(* Let $d\ge 2$ and $k_1,k_2\in\{2,\dots,d\}$. Let $C_1\subset\mathbb{S}^{d-1}$ be a $k_1$-tangent cap and $C_2\subset\mathbb{S}^{d-1}$ a $k_2$-tangent cap, and let $\mathcal O_1,\mathcal O_2$ be their orbits under the group generated by the reflections in the coordinate hyperplanes. Suppose $\mathcal O_1\ne\mathcal O_2$ and that the caps in $\mathcal O_1\cup\mathcal O_2$ form a packing (their interiors are pairwise disjoint). Then $$k_1+k_2-d\le\sqrt{(k_1-1)(k_2-1)}-1.$$
   Context: $\mathbb{S}^{d-1}$ is the unit sphere of $\mathbb{E}^d$ centred at the origin, with the standard orthonormal basis $\boldsymbol e_1,\dots,\boldsymbol e_d$. The coordinate greatspheres are $G_i=\{\boldsymbol x\in\mathbb{S}^{d-1}\mid x_i=0\}$. A spherical cap is a closed set $\{\boldsymbol x\in\mathbb{S}^{d-1}\mid \text{spherical distance from }\boldsymbol x\text{ to }\boldsymbol c\le r\}$ with centre $\boldsymbol c\in\mathbb{S}^{d-1}$ and spherical radius $r\in(0,\pi/2)$. A cap is tangent to $G_i$ if it meets $G_i$ only at boundary points of the cap (equivalently, its radius equals the angular distance from its centre to the hyperplane $x_i=0$). For $k\in\{2,\dots,d\}$, a $k$-tangent cap is a spherical cap whose centre lies on the intersection of $d-k$ of the coordinate greatspheres and which is tangent to each of the remaining $k$ coordinate greatspheres. *)

From HB Require Import structures.
From mathcomp Require Import all_boot all_order all_algebra.
From mathcomp Require Import all_classical all_reals all_analysis.
Set Implicit Arguments. Unset Strict Implicit. Unset Printing Implicit Defensive.
Import Order.TTheory GRing.Theory Num.Theory.
Local Open Scope ring_scope.
Local Open Scope classical_set_scope.

Section Defs.
Variables (R : realType) (d : nat).
Implicit Types (x y c : 'rV[R]_d) (r : R).

Definition dotp x y : R := \sum_(i < d) x 0 i * y 0 i.

Definition sphere : set 'rV[R]_d := [set x | dotp x x = 1].

Definition sdist x y : R := acos (dotp x y).

Definition cap c r : set 'rV[R]_d := [set x | sphere x /\ sdist x c <= r].

Definition is_cap c r : Prop := sphere c /\ 0 < r /\ r < pi / 2.

(* angular distance from a point c of the sphere to the hyperplane x_i = 0 *)
Definition dist_to_G (i : 'I_d) c : R := asin `|c 0 i|.

Definition tangent_to_G (i : 'I_d) c r : Prop := r = dist_to_G i c.

Definition k_tangent_cap (k : nat) c r : Prop :=
  is_cap c r /\
  exists S : {set 'I_d}, #|S| = k /\
    (forall i, i \notin S -> c 0 i = 0) /\
    (forall i, i \in S -> tangent_to_G i c r).

Definition reflect_by (s : {set 'I_d}) x : 'rV[R]_d :=
  \row_i (if i \in s then - x 0 i else x 0 i).

(* orbit of a set under the group generated by the coordinate reflections
   (this group consists exactly of the maps reflect_by s) *)
Definition refl_orbit (C : set 'rV[R]_d) : set (set 'rV[R]_d) :=
  [set D | exists s : {set 'I_d}, D = reflect_by s @` C].

Definition sph_interior (A : set 'rV[R]_d) : set 'rV[R]_d :=
  [set x | A x /\ exists e : R, 0 < e /\
     forall y, sphere y -> dotp (y - x) (y - x) < e -> A y].

Definition packing (F : set (set 'rV[R]_d)) : Prop :=
  forall A B, F A -> F B -> A <> B ->
    sph_interior A `&` sph_interior B = set0.

End Defs.

From HB Require Import structures.
From mathcomp Require Import all_boot all_order all_algebra.
From mathcomp Require Import all_classical all_reals all_analysis.
From mathcomp Require Import ring lra.
Set Implicit Arguments. Unset Strict Implicit. Unset Printing Implicit Defensive.
Import Order.TTheory GRing.Theory Num.Theory.
Local Open Scope ring_scope.
Local Open Scope classical_set_scope.

(* A k-tangent cap of radius r has centre with k coordinates of absolute value
   sin r and the others 0, so k sin^2 r = 1. Reflecting the second centre so
   that its signs agree with those of the first gives a member of the second
   orbit whose centre has inner product m sin r1 sin r2 with the first centre,
   where m >= k1 + k2 - d counts the common support. The two caps are distinct
   members of the packing, so this inner product is at most cos (r1 + r2);
   squaring and multiplying by k1 k2 gives (m + 1)^2 <= (k1 - 1)(k2 - 1). *)

Section RealAlgebra.
Variable R : realFieldType.

Lemma overlap_gap (p1 q1 p2 q2 c : R) :
  0 < p1 -> 0 < q1 -> 0 < p2 -> 0 < q2 ->
  p1 ^+ 2 + q1 ^+ 2 = 1 -> p2 ^+ 2 + q2 ^+ 2 = 1 ->
  p1 * p2 - q1 * q2 < c ->
  0 < q2 + q1 * c /\
  p1 ^+ 2 * (q1 ^+ 2 + q2 ^+ 2 + 2 * q1 * q2 * c) < (q2 + q1 * c) ^+ 2.
Proof.
move=> p1_gt0 q1_gt0 p2_gt0 q2_gt0 pq1 pq2 c_gt.
have p1p2_gt0 : 0 < p1 * p2 by rewrite mulr_gt0.
split.
  have : 0 < q1 * (c - (p1 * p2 - q1 * q2)) by rewrite mulr_gt0 ?subr_gt0.
  have : 0 < q2 * p1 ^+ 2 + q1 * (p1 * p2) by rewrite addr_gt0 ?mulr_gt0 ?exprn_gt0.
  nra.
have gap : p1 ^+ 2 * p2 ^+ 2 < (c + q1 * q2) ^+ 2.
  by rewrite -exprMn ltr_pXn2r ?nnegrE //; lra.
have -> : (q2 + q1 * c) ^+ 2 = p1 ^+ 2 * (q1 ^+ 2 + q2 ^+ 2 + 2 * q1 * q2 * c)
    + q1 ^+ 2 * ((c + q1 * q2) ^+ 2 - p1 ^+ 2 * p2 ^+ 2).
  have -> : p1 ^+ 2 = 1 - q1 ^+ 2 by lra.
  have -> : p2 ^+ 2 = 1 - q2 ^+ 2 by lra.
  ring.
by rewrite ltrDl mulr_gt0 ?exprn_gt0 ?subr_gt0.
Qed.

Lemma overlap_count_bound (K1 K2 M p1 q1 p2 q2 : R) :
  0 <= p1 -> 0 <= p2 -> 0 <= q1 -> 0 <= q2 -> 0 <= M ->
  p1 ^+ 2 + q1 ^+ 2 = 1 -> p2 ^+ 2 + q2 ^+ 2 = 1 ->
  K1 * q1 ^+ 2 = 1 -> K2 * q2 ^+ 2 = 1 ->
  M * (q1 * q2) <= p1 * p2 - q1 * q2 ->
  (M + 1) ^+ 2 <= (K1 - 1) * (K2 - 1).
Proof.
move=> p1_ge0 p2_ge0 q1_ge0 q2_ge0 M_ge0 pq1 pq2 Kq1 Kq2 sep.
have K1_ge0 : 0 <= K1.
  rewrite leNgt; apply/negP => /ltW K1_le0.
  by have := mulr_le0_ge0 K1_le0 (sqr_ge0 q1); rewrite Kq1 ler10.
have K2_ge0 : 0 <= K2.
  rewrite leNgt; apply/negP => /ltW K2_le0.
  by have := mulr_le0_ge0 K2_le0 (sqr_ge0 q2); rewrite Kq2 ler10.
have sq : ((M + 1) * (q1 * q2)) ^+ 2 <= (p1 * p2) ^+ 2.
  by rewrite ler_pXn2r ?nnegrE ?mulr_ge0 ?addr_ge0 //; lra.
have eK1 : K1 - 1 = K1 * p1 ^+ 2.
  have -> : p1 ^+ 2 = 1 - q1 ^+ 2 by lra.
  by rewrite mulrBr mulr1 Kq1.
have eK2 : K2 - 1 = K2 * p2 ^+ 2.
  have -> : p2 ^+ 2 = 1 - q2 ^+ 2 by lra.
  by rewrite mulrBr mulr1 Kq2.
have -> : (M + 1) ^+ 2 = ((M + 1) * (q1 * q2)) ^+ 2 * (K1 * K2).
  rewrite (_ : _ * (K1 * K2) = (M + 1) ^+ 2 * (K1 * q1 ^+ 2) * (K2 * q2 ^+ 2)).
    by rewrite Kq1 Kq2 !mulr1.
  by ring.
rewrite eK1 eK2 (_ : K1 * p1 ^+ 2 * (K2 * p2 ^+ 2) = (p1 * p2) ^+ 2 * (K1 * K2)).
  by rewrite ler_wpM2r ?mulr_ge0.
by ring.
Qed.

End RealAlgebra.

Lemma lt_div_sqrt (R : rcfType) (p u N : R) :
  0 <= p -> 0 < N -> 0 < u -> p ^+ 2 * N < u ^+ 2 -> p < u / Num.sqrt N.
Proof.
move=> p_ge0 N_gt0 u_gt0 lt_sq; rewrite ltr_pdivlMr ?sqrtr_gt0 //.
rewrite -(ltr_pXn2r (_ : (0 < 2)%N)) ?nnegrE ?mulr_ge0 ?sqrtr_ge0 ?(ltW u_gt0) //.
by rewrite exprMn sqr_sqrtr ?ltW.
Qed.

Lemma card_setI_lower_bound (T : finType) (A B : {set T}) :
  (#|A| + #|B| <= #|A :&: B| + #|T|)%N.
Proof. by rewrite -cardsUI addnC leq_add2l max_card. Qed.

Lemma sumr_support_const (V : nmodType) (I : finType) (S : {set I})
    (f : I -> V) (t : V) :
  (forall i, i \in S -> f i = t) -> (forall i, i \notin S -> f i = 0) ->
  \sum_i f i = t *+ #|S|.
Proof.
move=> onS offS; rewrite (bigID (mem S)) /= [X in _ + X]big1 ?addr0; last first.
  by move=> i /offS.
by rewrite (eq_bigr (fun=> t)) ?sumr_const.
Qed.

Section Sphere.
Variables (R : realType) (d : nat).
Implicit Types (x y u a b c : 'rV[R]_d) (s t : {set 'I_d}).

Lemma dotpC x y : dotp x y = dotp y x.
Proof. by apply: eq_bigr => i _; rewrite mulrC. Qed.

Lemma dotpDl x y z : dotp (x + y) z = dotp x z + dotp y z.
Proof. by rewrite /dotp -big_split; apply: eq_bigr => i _; rewrite !mxE mulrDl. Qed.

Lemma dotpZl (k : R) x y : dotp (k *: x) y = k * dotp x y.
Proof. by rewrite /dotp mulr_sumr; apply: eq_bigr => i _; rewrite !mxE mulrA. Qed.

Lemma dotpBl x y z : dotp (x - y) z = dotp x z - dotp y z.
Proof. by rewrite dotpDl -scaleN1r dotpZl mulN1r. Qed.

Lemma dotpBr x y z : dotp z (x - y) = dotp z x - dotp z y.
Proof. by rewrite !(dotpC z) dotpBl. Qed.

Lemma dotpZr (k : R) x y : dotp y (k *: x) = k * dotp y x.
Proof. by rewrite !(dotpC y) dotpZl. Qed.

Lemma dotpp_ge0 x : 0 <= dotp x x.
Proof. by apply: sumr_ge0 => i _; rewrite -expr2 sqr_ge0. Qed.

Lemma coord_sqr_le_dotpp x i : x 0 i ^+ 2 <= dotp x x.
Proof.
rewrite /dotp (bigD1 i) //= expr2 lerDl.
by apply: sumr_ge0 => j _; rewrite -expr2 sqr_ge0.
Qed.

Lemma dotp_sqr_le u a : sphere a -> dotp u a ^+ 2 <= dotp u u.
Proof.
rewrite /sphere /= => a1; have := dotpp_ge0 (u - dotp u a *: a).
by rewrite dotpBl !dotpBr !dotpZl !dotpZr a1 (dotpC a u); lra.
Qed.

Lemma sphere_dotp_le1 x y : sphere x -> sphere y -> dotp x y <= 1.
Proof.
move=> x1 y1; have := dotp_sqr_le x y1; rewrite x1 => h.
by rewrite leNgt; apply/negP => gt1; nra.
Qed.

Task instructions: Reproduce every line from the entries that holds the word "RealAlgebra".

Exercise response:
Section RealAlgebra.
End RealAlgebra.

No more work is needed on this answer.